## WHAT THE EXERCISE ASKS
Only some lines are wanted. Transcribe, exactly, the lines below from the line with "move=> k_gt0; have" up to and including the line with "have -> : x".

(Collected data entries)
Theorem mainTheorem12 (R : realType) (n d : nat) (hn : (0 < n)%N)
  (f : 'I_n -> 'rV[R]_d -> R) (hf : forall i, convex_fun (f i))
  (psi : 'rV[R]_d -> \bar R)
  (hpsi_p : proper_fun psi) (hpsi_c : closed_fun psi) (hpsi_v : convex_efun psi)
  (g : 'I_n -> 'rV[R]_d -> 'rV[R]_d)
  (hg : forall i x, subgrad (f i) x (g i x))
  (G : 'I_n -> R) (hGpos : forall i, 0 < G i)
  (hGlip : forall i x v, subgrad (f i) x v -> enorm v <= G i)
  (xstar : 'rV[R]_d) (hstar_fin : (psi xstar < +oo)%E)
  (hstar : forall x, (Fobj f psi xstar <= Fobj f psi x)%E)
  (x : nat -> 'rV[R]_d) (hx1 : (psi (x 1%N) < +oo)%E)
  (sigma : nat -> {perm 'I_n}) (eta : nat -> R)
  (hstep : forall k, (0 < k)%N ->
     prox_min n psi (eta k)
       (inner_pass g (eta k) [seq sigma k j | j <- enum 'I_n] (x k)) (x k.+1))
  (r : R) (hr : 0 < r) (etat : nat -> R)
  (hetat : forall k, (0 < k)%N -> 0 < etat k)
  (heta : forall k, (0 < k)%N -> eta k = rk x r k * etat k)
  (c : R) (hc0 : 0 < c) (hc1 : c < 1)
  (hsum : (\sum_(1 <= k <oo)
            ((6 * ((\sum_(i < n) G i) / n%:R) ^+ 2 * (n%:R) ^+ 2 * etat k ^+ 2)%:E)
           <= (c ^+ 2)%:E)%E) :
  forall k, (0 < k)%N ->
    enorm (x k - x 1%N) <= 2 / (1 - c) * enorm (xstar - x 1%N) + c / (1 - c) * r.
Proof.
have psi_ninfty z : psi z != -oo%E by case: hpsi_p.
have [pstar psi_star] := fin_numP_lt (psi_ninfty xstar) hstar_fin.
have psi_fin k : (0 < k)%N -> exists p, psi (x k) = p%:E.
  case: k => [//|[_|k _]]; first exact: fin_numP_lt.
  exact: (prox_min_fin hn psi_ninfty (hstep k.+1 isT) psi_star).
have rk_ge0 k : 0 <= rk x r k by apply: le_trans (ltW hr) (rk_ge x r k).
set S := \sum_i G i; set D := enorm (xstar - x 1%N).
pose a k := 6 * (S / n%:R) ^+ 2 * n%:R ^+ 2 * etat k ^+ 2.
have a_ge0 k : 0 <= a k.
  by rewrite /a; apply: mulr_ge0 (sqr_ge0 _); rewrite mulr_ge0 ?sqr_ge0 // mulr_ge0 ?sqr_ge0.
have dist_step k : (0 < k)%N ->
    enorm (x k.+1 - xstar) ^+ 2 <= enorm (x k - xstar) ^+ 2 + a k * rk x r k ^+ 2.
  move=> k_gt0; have [py psi_y] := psi_fin k.+1 isT.
  have eta_gt0 : 0 < eta k by rewrite heta // mulr_gt0 ?hetat // (lt_le_trans hr (rk_ge x r k)).
  apply: le_trans (enorm_epoch_sqr hn psi_ninfty hpsi_v hg hGlip (perm_eq_map_enum _)
    eta_gt0 (hstep k k_gt0) psi_y psi_star (hstar _)) _.
  rewrite lerD2l -/S heta // /a -(mulrA 6) -exprMn mulfVK ?pnatr_eq0 -?lt0n //.
  by have := sqr_ge0 (rk x r k * etat k * S); rewrite !exprMn; lra.
have rk_sqr_le k : rk x r k ^+ 2 <= rk x r k.+1 ^+ 2.
  by rewrite ler_sqr ?nnegrE ?rk_le_succ.
have dist_1 := ler_telescope (u := fun k => enorm (x k - xstar) ^+ 2) a_ge0 rk_sqr_le dist_step.
have step k : enorm (x k.+1 - x 1%N) <= 2 * D + c * rk x r k.
  have to_star : enorm (x k.+1 - xstar) <= D + c * rk x r k.
    apply: ler_add_of_sqr (mulr_ge0 (ltW hc0) (rk_ge0 k)) (enorm_ge0 _) _.
      exact: enorm_ge0.
    apply: le_trans (dist_1 k) _.
    rewrite enorm_distC -/D lerD2l exprMn mulrC ler_wpM2r ?sqr_ge0 //.
    exact: psum_le_nneseries a_ge0 hsum.
  have -> : x k.+1 - x 1%N = (x k.+1 - xstar) + (xstar - x 1%N) by rewrite addrA subrK.
  by apply: le_trans (ler_enormD _ _) _; rewrite -/D; lra.
move=> k k_gt0; rewrite -mulrAC.
apply: enorm_le_of_rk_step step k k_gt0; first exact: mulr_ge0 (enorm_ge0 _).
  exact: ltW.
by rewrite (ltW hc0) hc1.
Qed.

## COMPLETED TASK
  move=> k_gt0; have [py psi_y] := psi_fin k.+1 isT.
  have eta_gt0 : 0 < eta k by rewrite heta // mulr_gt0 ?hetat // (lt_le_trans hr (rk_ge x r k)).
  apply: le_trans (enorm_epoch_sqr hn psi_ninfty hpsi_v hg hGlip (perm_eq_map_enum _)
    eta_gt0 (hstep k k_gt0) psi_y psi_star (hstar _)) _.
  rewrite lerD2l -/S heta // /a -(mulrA 6) -exprMn mulfVK ?pnatr_eq0 -?lt0n //.
  by have := sqr_ge0 (rk x r k * etat k * S); rewrite !exprMn; lra.
have rk_sqr_le k : rk x r k ^+ 2 <= rk x r k.+1 ^+ 2.
  by rewrite ler_sqr ?nnegrE ?rk_le_succ.
have dist_1 := ler_telescope (u := fun k => enorm (x k - xstar) ^+ 2) a_ge0 rk_sqr_le dist_step.
have step k : enorm (x k.+1 - x 1%N) <= 2 * D + c * rk x r k.
  have to_star : enorm (x k.+1 - xstar) <= D + c * rk x r k.
    apply: ler_add_of_sqr (mulr_ge0 (ltW hc0) (rk_ge0 k)) (enorm_ge0 _) _.
      exact: enorm_ge0.
    apply: le_trans (dist_1 k) _.
    rewrite enorm_distC -/D lerD2l exprMn mulrC ler_wpM2r ?sqr_ge0 //.
    exact: psum_le_nneseries a_ge0 hsum.
  have -> : x k.+1 - x 1%N = (x k.+1 - xstar) + (xstar - x 1%N) by rewrite addrA subrK.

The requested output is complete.